What needs to be done: The entries are to be output in full, word for word.

Entries taken from a collection:
Lemma RInt_cos_IZR n : RInt (fun t => cos (IZR n * t)) 0 (2 * PI) = 2 * PI * delta0 n :> R.
Proof.
  unfold delta0. destruct (Z.eq_dec n 0) as [->|Hn].
  - rewrite (RInt_ext_R _ (fun _ => 1)), RInt_const_R; [ring |].
    intros; simpl. rewrite Rmult_0_l, cos_0. reflexivity.
  - assert (Hn' : IZR n <> 0) by (apply not_0_IZR; exact Hn).
    assert (H : is_RInt (fun t => cos (IZR n * t)) 0 (2 * PI)
      (minus ((fun t => sin (IZR n * t) / IZR n) (2 * PI))
             ((fun t => sin (IZR n * t) / IZR n) 0))).
    { apply (is_RInt_derive (fun t => sin (IZR n * t) / IZR n)).
      - intros x _. auto_derive; [exact I | field; exact Hn'].
      - intros x _. cont_tac. }
    apply (@is_RInt_unique R_CompleteNormedModule) in H. rewrite H.
    simpl. unfold minus, plus, opp; simpl.
    rewrite sin_IZR_2PI, Rmult_0_r, sin_0. field. exact Hn'.
Qed.

Lemma RInt_sin_IZR n : RInt (fun t => sin (IZR n * t)) 0 (2 * PI) = 0 :> R.
Proof.
  destruct (Z.eq_dec n 0) as [->|Hn].
  - rewrite (RInt_ext_R _ (fun _ => 0)), RInt_const_R; [ring |].
    intros; simpl. rewrite Rmult_0_l, sin_0. reflexivity.
  - assert (Hn' : IZR n <> 0) by (apply not_0_IZR; exact Hn).
    assert (H : is_RInt (fun t => sin (IZR n * t)) 0 (2 * PI)
      (minus ((fun t => - cos (IZR n * t) / IZR n) (2 * PI))
             ((fun t => - cos (IZR n * t) / IZR n) 0))).
    { apply (is_RInt_derive (fun t => - cos (IZR n * t) / IZR n)).
      - intros x _. auto_derive; [exact I | field; exact Hn'].
      - intros x _. cont_tac. }
    apply (@is_RInt_unique R_CompleteNormedModule) in H. rewrite H.
    simpl. unfold minus, plus, opp; simpl.
    rewrite cos_IZR_2PI, Rmult_0_r, cos_0. field. exact Hn'.
Qed.

Lemma fc_RInt f n : cont f ->
  fc f n = / (2 * PI) * RInt (fun t => f t * cos (IZR n * t)) 0 (2 * PI).
Proof. intro H. unfold fc. rewrite Rint_eq_RInt; [reflexivity | cont_auto]. Qed.

Lemma fs_RInt f n : cont f ->
  fs f n = / (2 * PI) * RInt (fun t => f t * sin (IZR n * t)) 0 (2 * PI).
Proof. intro H. unfold fs. rewrite Rint_eq_RInt; [reflexivity | cont_auto]. Qed.

Lemma fc_opp f n : cont f -> fc f (- n) = fc f n.
Proof.
  intro H. rewrite !fc_RInt by exact H. f_equal. apply RInt_ext_R. intros.
  rewrite opp_IZR. replace (- IZR n * x) with (- (IZR n * x)) by ring. rewrite cos_neg. reflexivity.
Qed.

Lemma fs_opp f n : cont f -> fs f (- n) = - fs f n.
Proof.
  intro H. rewrite !fs_RInt by exact H.
  rewrite Ropp_mult_distr_r, <- RInt_opp_cont by cont_auto. f_equal. apply RInt_ext_R. intros.
  rewrite opp_IZR. replace (- IZR n * x) with (- (IZR n * x)) by ring. rewrite sin_neg. ring.
Qed.

Lemma fc_0 f : cont f -> fc f 0 = mean f.
Proof.
  intro H. rewrite fc_RInt by exact H. unfold mean. rewrite Rint_eq_RInt by exact H.
  f_equal. apply RInt_ext_R. intros. simpl. rewrite Rmult_0_l, cos_0. ring.
Qed.

Lemma fs_0 f : cont f -> fs f 0 = 0.
Proof.
  intro H. rewrite fs_RInt by exact H.
  rewrite (RInt_ext_R _ (fun _ => 0)), RInt_const_R; [ring |].
  intros. simpl. rewrite Rmult_0_l, sin_0. ring.
Qed.

Lemma cont_zero_fun : cont zero_fun.
Proof. unfold zero_fun. cont_auto. Qed.

Lemma cabs2_zero_fun f m : cabs2 f zero_fun m = fc f m ^ 2 + fs f m ^ 2.
Proof.
  assert (Hc : fc zero_fun m = 0).
  { rewrite fc_RInt by apply cont_zero_fun.
    rewrite (RInt_ext_R _ (fun _ => 0)), RInt_const_R; [ring | intros; unfold zero_fun; ring]. }
  assert (Hs : fs zero_fun m = 0).
  { rewrite fs_RInt by apply cont_zero_fun.
    rewrite (RInt_ext_R _ (fun _ => 0)), RInt_const_R; [ring | intros; unfold zero_fun; ring]. }
  unfold cabs2. rewrite Hc, Hs. ring.
Qed.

Expected answer:
Lemma RInt_cos_IZR n : RInt (fun t => cos (IZR n * t)) 0 (2 * PI) = 2 * PI * delta0 n :> R.
Proof.
  unfold delta0. destruct (Z.eq_dec n 0) as [->|Hn].
  - rewrite (RInt_ext_R _ (fun _ => 1)), RInt_const_R; [ring |].
    intros; simpl. rewrite Rmult_0_l, cos_0. reflexivity.
  - assert (Hn' : IZR n <> 0) by (apply not_0_IZR; exact Hn).
    assert (H : is_RInt (fun t => cos (IZR n * t)) 0 (2 * PI)
      (minus ((fun t => sin (IZR n * t) / IZR n) (2 * PI))
             ((fun t => sin (IZR n * t) / IZR n) 0))).
    { apply (is_RInt_derive (fun t => sin (IZR n * t) / IZR n)).
      - intros x _. auto_derive; [exact I | field; exact Hn'].
      - intros x _. cont_tac. }
    apply (@is_RInt_unique R_CompleteNormedModule) in H. rewrite H.
    simpl. unfold minus, plus, opp; simpl.
    rewrite sin_IZR_2PI, Rmult_0_r, sin_0. field. exact Hn'.
Qed.

Lemma RInt_sin_IZR n : RInt (fun t => sin (IZR n * t)) 0 (2 * PI) = 0 :> R.
Proof.
  destruct (Z.eq_dec n 0) as [->|Hn].
  - rewrite (RInt_ext_R _ (fun _ => 0)), RInt_const_R; [ring |].
    intros; simpl. rewrite Rmult_0_l, sin_0. reflexivity.
  - assert (Hn' : IZR n <> 0) by (apply not_0_IZR; exact Hn).
    assert (H : is_RInt (fun t => sin (IZR n * t)) 0 (2 * PI)
      (minus ((fun t => - cos (IZR n * t) / IZR n) (2 * PI))
             ((fun t => - cos (IZR n * t) / IZR n) 0))).
    { apply (is_RInt_derive (fun t => - cos (IZR n * t) / IZR n)).
      - intros x _. auto_derive; [exact I | field; exact Hn'].
      - intros x _. cont_tac. }
    apply (@is_RInt_unique R_CompleteNormedModule) in H. rewrite H.
    simpl. unfold minus, plus, opp; simpl.
    rewrite cos_IZR_2PI, Rmult_0_r, cos_0. field. exact Hn'.
Qed.

Lemma fc_RInt f n : cont f ->
  fc f n = / (2 * PI) * RInt (fun t => f t * cos (IZR n * t)) 0 (2 * PI).
Proof. intro H. unfold fc. rewrite Rint_eq_RInt; [reflexivity | cont_auto]. Qed.

Lemma fs_RInt f n : cont f ->
  fs f n = / (2 * PI) * RInt (fun t => f t * sin (IZR n * t)) 0 (2 * PI).
Proof. intro H. unfold fs. rewrite Rint_eq_RInt; [reflexivity | cont_auto]. Qed.

Lemma fc_opp f n : cont f -> fc f (- n) = fc f n.
Proof.
  intro H. rewrite !fc_RInt by exact H. f_equal. apply RInt_ext_R. intros.
  rewrite opp_IZR. replace (- IZR n * x) with (- (IZR n * x)) by ring. rewrite cos_neg. reflexivity.
Qed.

Lemma fs_opp f n : cont f -> fs f (- n) = - fs f n.
Proof.
  intro H. rewrite !fs_RInt by exact H.
  rewrite Ropp_mult_distr_r, <- RInt_opp_cont by cont_auto. f_equal. apply RInt_ext_R. intros.
  rewrite opp_IZR. replace (- IZR n * x) with (- (IZR n * x)) by ring. rewrite sin_neg. ring.
Qed.

Lemma fc_0 f : cont f -> fc f 0 = mean f.
Proof.
  intro H. rewrite fc_RInt by exact H. unfold mean. rewrite Rint_eq_RInt by exact H.
  f_equal. apply RInt_ext_R. intros. simpl. rewrite Rmult_0_l, cos_0. ring.
Qed.

Lemma fs_0 f : cont f -> fs f 0 = 0.
Proof.
  intro H. rewrite fs_RInt by exact H.
  rewrite (RInt_ext_R _ (fun _ => 0)), RInt_const_R; [ring |].
  intros. simpl. rewrite Rmult_0_l, sin_0. ring.
Qed.

Lemma cont_zero_fun : cont zero_fun.
Proof. unfold zero_fun. cont_auto. Qed.

Lemma cabs2_zero_fun f m : cabs2 f zero_fun m = fc f m ^ 2 + fs f m ^ 2.
Proof.
  assert (Hc : fc zero_fun m = 0).
  { rewrite fc_RInt by apply cont_zero_fun.
    rewrite (RInt_ext_R _ (fun _ => 0)), RInt_const_R; [ring | intros; unfold zero_fun; ring]. }
  assert (Hs : fs zero_fun m = 0).
  { rewrite fs_RInt by apply cont_zero_fun.
    rewrite (RInt_ext_R _ (fun _ => 0)), RInt_const_R; [ring | intros; unfold zero_fun; ring]. }
  unfold cabs2. rewrite Hc, Hs. ring.
Qed.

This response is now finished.